A 31-year-old right-handed male patient with a history of seizures before the age of 3. He noticed right leg stiffness and cramps around the age of 20. Within one year the spasms progressed to the right arm, neck, face, and mandibular muscles. In four years, he developed a soft whispering voice, blepharospasm, and left-sided involvement. Magnetic resonance imaging showed the T2 hyperintensity in the basal ganglia. Gradient echo sequence revealed severe mineralization of bilateral basal ganglia especially GPi and of bilateral medial midbrain in the substantia nigra area. Genetic testing revealed a PANK 2 heterozygous mutation. Despite trials of Carbidopa/Levodopa, Trihexyphenidyl, clonazepam, and Botulinum toxin, the patient had severe disabling blepharospasm, and dystonia in the head, neck, and limbs affecting his gait and causing frequent falls. He underwent DBS placement and was found to have significant GPi calcification, so the neurosurgeon proceeded with the STN as the target for stimulation. 
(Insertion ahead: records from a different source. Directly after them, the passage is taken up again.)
Lemma separatedC (A B : {set V}) : separated A B = separated B A.
Proof.
by apply/separatedP/separatedP => h x y xA yB; rewrite spider_adjC; apply: h.
Qed.

Lemma separatedUl (A B C : {set V}) : separated (A :|: B) C = separated A C && separated B C.
Proof.
apply/separatedP/andP => [h|[/separatedP hA /separatedP hB] x y].
  by split; apply/separatedP => x y xA yC; apply: h; rewrite // inE xA ?orbT.
by rewrite inE => /orP[] xAB yC; [apply: hA | apply: hB].
Qed.

Lemma separatedUr (A B C : {set V}) : separated A (B :|: C) = separated A B && separated A C.
Proof. by rewrite separatedC separatedUl !(separatedC A). Qed.

Lemma independentU (A B : {set V}) :
  independent (A :|: B) = [&& independent A, independent B & separated A B].
Proof.
rewrite !independentE separatedUl !separatedUr (separatedC B A).
by case: (separated A A); case: (separated A B); case: (separated B B).
Qed.

Lemma independent_leg m (S : {set 'I_(l m)}) :
  independent (@leg_vertex m @: S) = path_independent S.
Proof.
rewrite independentE; apply/separatedP/path_independentP => h.
  move=> p q pS qS; have := h _ _ (imset_f _ pS) (imset_f _ qS).
  by rewrite spider_adj_leg negb_or => /andP[].
by move=> _ _ /imsetP[p pS ->] /imsetP[q qS ->]; rewrite spider_adj_leg negb_or !h.
Qed.

Lemma separated_legs m m' (S : {set 'I_(l m)}) (S' : {set 'I_(l m')}) :
  m != m' -> separated (@leg_vertex m @: S) (@leg_vertex m' @: S').
Proof.
move=> hm; apply/separatedP => _ _ /imsetP[p _ ->] /imsetP[q _ ->].
by rewrite spider_adj_off_leg // in_leg /leg_vertex /= eq_sym.
Qed.

Lemma separated_leg_rest m (S : {set 'I_(l m)}) (R : {set V}) :
  [disjoint R & leg m] -> separated (@leg_vertex m @: S) R = (None \in R) ==> avoids_first S.
Proof.
move=> hR; apply/separatedP/implyP => [h hN|h _ y /imsetP[p pS ->] yR].
  apply/forall_inP => p pS.
  by have := h _ _ (imset_f _ pS) hN; rewrite spider_adjC spider_adj_head.
case: y yR => [u|] yR.
  by rewrite spider_adj_off_leg // (disjointFr hR yR).
by rewrite spider_adjC spider_adj_head; apply: (forall_inP (h yR)).
Qed.

Section TwoLegs.
Variables (i j : 'I_k).
Hypothesis hij : i != j.

Definition rest : {set V} := setT :\: leg i :\: leg j.

Definition glue (S1 : {set 'I_(l i)}) (S2 : {set 'I_(l j)}) (R : {set V}) : {set V} :=
  @leg_vertex i @: S1 :|: (@leg_vertex j @: S2 :|: R).

Variable R : {set V}.
Hypothesis restR : R \subset rest.

Lemma disjoint_rest_legs : [disjoint R & leg i] /\ [disjoint R & leg j].
Proof.
by split; rewrite disjoint_subset; apply: (subset_trans restR);
  apply/subsetP => v; rewrite !inE => /andP[] // _ /andP[].
Qed.

Lemma independent_glue S1 S2 :
  independent (glue S1 S2 R) =
  [&& path_independent S1, path_independent S2, independent R &
      (None \in R) ==> avoids_first S1 && avoids_first S2].
Proof.
have [Ri Rj] := disjoint_rest_legs.
rewrite /glue !independentU !independent_leg separatedUr separated_legs //.
rewrite !separated_leg_rest //.
by case: (path_independent S1); case: (path_independent S2); case: (independent R);
   case: (None \in R); case: (avoids_first S1); case: (avoids_first S2).
Qed.

Lemma card_glue S1 S2 : #|glue S1 S2 R| = (#|S1| + #|S2| + #|R|)%N.
Proof.
have [Ri Rj] := disjoint_rest_legs.
have legS m (S : {set 'I_(l m)}) : @leg_vertex m @: S \subset leg m by apply: imsetS.
have cardsU_disj (A B : {set V}) : [disjoint A & B] -> #|A :|: B| = (#|A| + #|B|)%N.
  by move=> AB; rewrite cardsU (disjoint_setI0 AB) cards0 subn0.
rewrite /glue !cardsU_disj ?card_imset ?addnA //; try exact: leg_vertex_inj.
  by apply: disjointWl (legS _ S2) _; rewrite disjoint_sym.
apply/pred0P => v /=; apply/andP => -[/imsetP[p _ ->]].
rewrite inE => /orP[/imsetP[q _ [/eqP]]|]; first by rewrite (negPf hij).
by rewrite (disjointFl Ri) // in_leg /leg_vertex /= eqxx.
Qed.

Lemma leaf_in_glue (hi : (0 < l i)%N) S1 S2 : (leaf hi \in glue S1 S2 R) = has_last S1.
Proof.
have [Ri Rj] := disjoint_rest_legs.
have -> : leaf hi = leg_vertex (Ordinal (pred_lt hi)) by [].
rewrite /glue !inE (mem_imset _ _ (@leg_vertex_inj i)) (disjointFl Ri); last first.
  by rewrite in_leg /leg_vertex /= eqxx.
have -> : (leg_vertex (Ordinal (pred_lt hi)) \in @leg_vertex j @: S2) = false.
  by apply/imsetP => -[q _ [/eqP]]; rewrite (negPf hij).
rewrite !orbF; apply/idP/existsP => [h|[p /andP[pS /eqP hp]]].
  by exists (Ordinal (pred_lt hi)); rewrite h /=.
by have -> : Ordinal (pred_lt hi) = p by apply: val_inj; rewrite /= hp.
Qed.

End TwoLegs.

Definition leafgf (m : 'I_k) (hm : (0 < l m)%N) :=
  setgf [pred A : {set V} | independent A && (leaf hm \in A)].

Definition restgf (i j : 'I_k) (head : bool) :=
  setgf [pred R : {set V} | [&& R \subset rest i j, independent R & (None \in R) == head]].

(* If the head is taken, neither leg may use its first vertex. *)
Lemma leafgf_decomp i j (hij : i != j) (hi : (0 < l i)%N) :
  leafgf hi = pathgf_last (l i) * pathgf (l j) * restgf i j false
            + pathgf_last_free (l i) * pathgf_free (l j) * restgf i j true.
Proof.
rewrite /pathgf_last /pathgf /pathgf_last_free /pathgf_free /restgf !setgf_mul3.
rewrite /leafgf /setgf big_mkcond (eq_bigl (fun A : {set V} => A \subset setT)) => [|A]; last first.
  by rewrite subsetT.
rewrite (big_subset_imset_split _ (@leg_vertex_inj i)) ?subsetT // -big_split.
apply: eq_bigr => S1 _.
rewrite (big_subset_imset_split _ (@leg_vertex_inj j)); last first.
  apply/subsetP => _ /imsetP[q _ ->]; rewrite !inE andbT.
  by apply/imsetP => -[p _ [/eqP]]; rewrite eq_sym (negPf hij).
rewrite -big_split; apply: eq_bigr => S2 _.
rewrite big_mkcond -big_split; apply: eq_bigr => R _ /=.
case restR: (R \subset rest i j); last by rewrite !andbF addr0.
have := independent_glue hij restR S1 S2; have := leaf_in_glue hij restR hi S1 S2.
have := card_glue hij restR S1 S2; rewrite /glue => -> -> ->.
by case: (path_independent S1); case: (path_independent S2); case: (independent R);
  case: (None \in R); case: (avoids_first S1); case: (avoids_first S2); case: (has_last S1);
  rewrite /= ?addr0 ?add0r.
Qed.

Lemma coef_leafgf (m : 'I_k) (hm : (0 < l m)%N) t :
  (leafgf hm)`_t = #|istar t (leaf hm)|%:R.
Proof.
rewrite /leafgf coef_setgf; congr (_%:R); apply: eq_card => A; rewrite !inE.
by rewrite andbAC andbA.
Qed.

Lemma restgf_sym i j b : restgf i j b = restgf j i b.
Proof. by rewrite /restgf /rest !setDDl setUC. Qed.

Lemma card_head_deletion i j m :
  (#|[set R : {set V} | [&& R \subset rest i j, independent R & (None \in R) == true]
                        & #|R| == m.+1]|
   <= #|[set R : {set V} | [&& R \subset rest i j, independent R & (None \in R) == false]
                          & #|R| == m]|)%N.
Proof.
rewrite -(card_in_imset (f := fun R : {set V} => R :\ None)); last first.
  move=> R1 R2; rewrite !inE => /andP[/and3P[_ _ /eqP h1] _] /andP[/and3P[_ _ /eqP h2] _] e.
  by rewrite -(setD1K h1) -(setD1K h2) e.
apply/subset_leq_card/subsetP => _ /imsetP[R + ->]; rewrite !inE.
case/andP => /and3P[h1 h2 /eqP h3] /eqP h4.
rewrite eqxx (subset_trans (subD1set _ _) h1) (independentS (subD1set _ _) h2) /=.
by rewrite -eqSS -h4 (cardsD1 None R) h3.
Qed.

Lemma restgf_head_sub_nneg i j : 'X * restgf i j false - restgf i j true \in nneg_poly.
Proof.
apply/polyOverP => n; rewrite unfold_in /= coefB coefXM !coef_setgf subr_ge0.
case: n => [|n] /=; last by rewrite ler_nat; exact: card_head_deletion.
rewrite lern0 cards_eq0; apply/eqP/setP => R; rewrite !inE.
by apply/negP => /andP[/and3P[_ _ /eqP hN] /eqP]; rewrite (cardsD1 None R) hN.
Qed.

Lemma leafgf_sub i j (hij : i != j) (hi : (0 < l i)%N) (hj : (0 < l j)%N) : (l i <= l j)%N ->
  leafgf hi - leafgf hj =
  (-1) ^+ (l i).-1 * 'X ^+ l i * fibp (l j - l i)%N * ('X * restgf i j false - restgf i j true).
Proof.
move=> lij; rewrite (leafgf_decomp hij hi) (@leafgf_decomp j i) 1?eq_sym // !(restgf_sym j i).
have [I1 F1 L1 LF1] := pathgf_fibp (l i); have [I2 F2 L2 LF2] := pathgf_fibp (l j).
rewrite I1 F1 L1 LF1 I2 F2 L2 LF2.
move: (l j - l i)%N (subnKC lij) => d <-.
exact: fibp_leaf_gap.
Qed.

Lemma leafgf_sub_nneg i j (hi : (0 < l i)%N) (hj : (0 < l j)%N) : i != j ->
  (odd (l i) && (l i <= l j)%N) || (~~ odd (l j) && (l j <= l i)%N) ->
  leafgf hi - leafgf hj \in nneg_poly.
Proof.
have nneg_term m d :
  'X ^+ m * fibp d * ('X * restgf i j false - restgf i j true) \in nneg_poly.
  by rewrite !rpredM ?rpredX ?polyOverX ?fibp_nneg ?restgf_head_sub_nneg.
move=> hij /orP[/andP[oi lij] | /andP[ej lji]].
  by rewrite leafgf_sub // -signr_odd odd_predn // oi /= expr0 mul1r nneg_term.
rewrite -opprB leafgf_sub 1?eq_sym // -signr_odd odd_predn // ej /= expr1.
by rewrite !mulNr opprK mul1r !(restgf_sym j i) nneg_term.
Qed.

End Spider.

Close Scope ring_scope.

Lemma spider_order_leaf_cases k (l : 'I_k -> nat) (i j : 'I_k) :
  spider_order l -> i < j ->
  (odd (l i) && (l i <= l j)) || (~~ odd (l j) && (l j <= l i)).
Proof.
move=> hord ij; have [_ even_ij _] := hord i j; have [odd_ji _ odd_even_ji] := hord j i.
have ji : (j < i) = false by rewrite ltnNge ltnW.
case oi: (odd (l i)); case oj: (odd (l j)); rewrite /= ?orbF.
- by rewrite leqNgt; apply/negP => /(odd_ji oj oi); rewrite ji.
- exact: leq_total.
- by have := odd_even_ji oj (negbT oi); rewrite ji.
- by rewrite leqNgt; apply/negP => /(even_ij (negbT oi) (negbT oj)); rewrite ji.
Qed.

Theorem theorem2p3 (k : nat) (l : 'I_k -> nat) (lpos : forall i, 0 < l i)
  (hk : 1 <= k) (hord : spider_order l) (t : nat)
  (ht1 : 1 <= t) (ht2 : t <= spider_alpha l) :
  forall i j : 'I_k, i < j ->
    #|istar t (leaf (lpos j))| <= #|istar t (leaf (lpos i))|.
Proof.
move=> i j ij.
have /polyOverP/(_ t) := leafgf_sub_nneg (lpos i) (lpos j) (negbT (ltn_eqF ij))
                                          (spider_order_leaf_cases hord ij).
by rewrite unfold_in /= coefB !coef_leafgf subr_ge0 ler_nat.
Qed.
The patient had significant improvement after the procedure. Nine months after surgery, the Burke‐Fahn‐Marsden dystonia rating scale dropped from 34 (before the surgery) to 21, with the main improvement in gait and blepharospasm. 

This case highlights the considerable outcome of using STN as a target for DBS placement in patients with PKAN disease. Although not a typical target for dystonia, STN-DBS can provide a substantial benefit in subsiding patients' symptoms and their quality of life.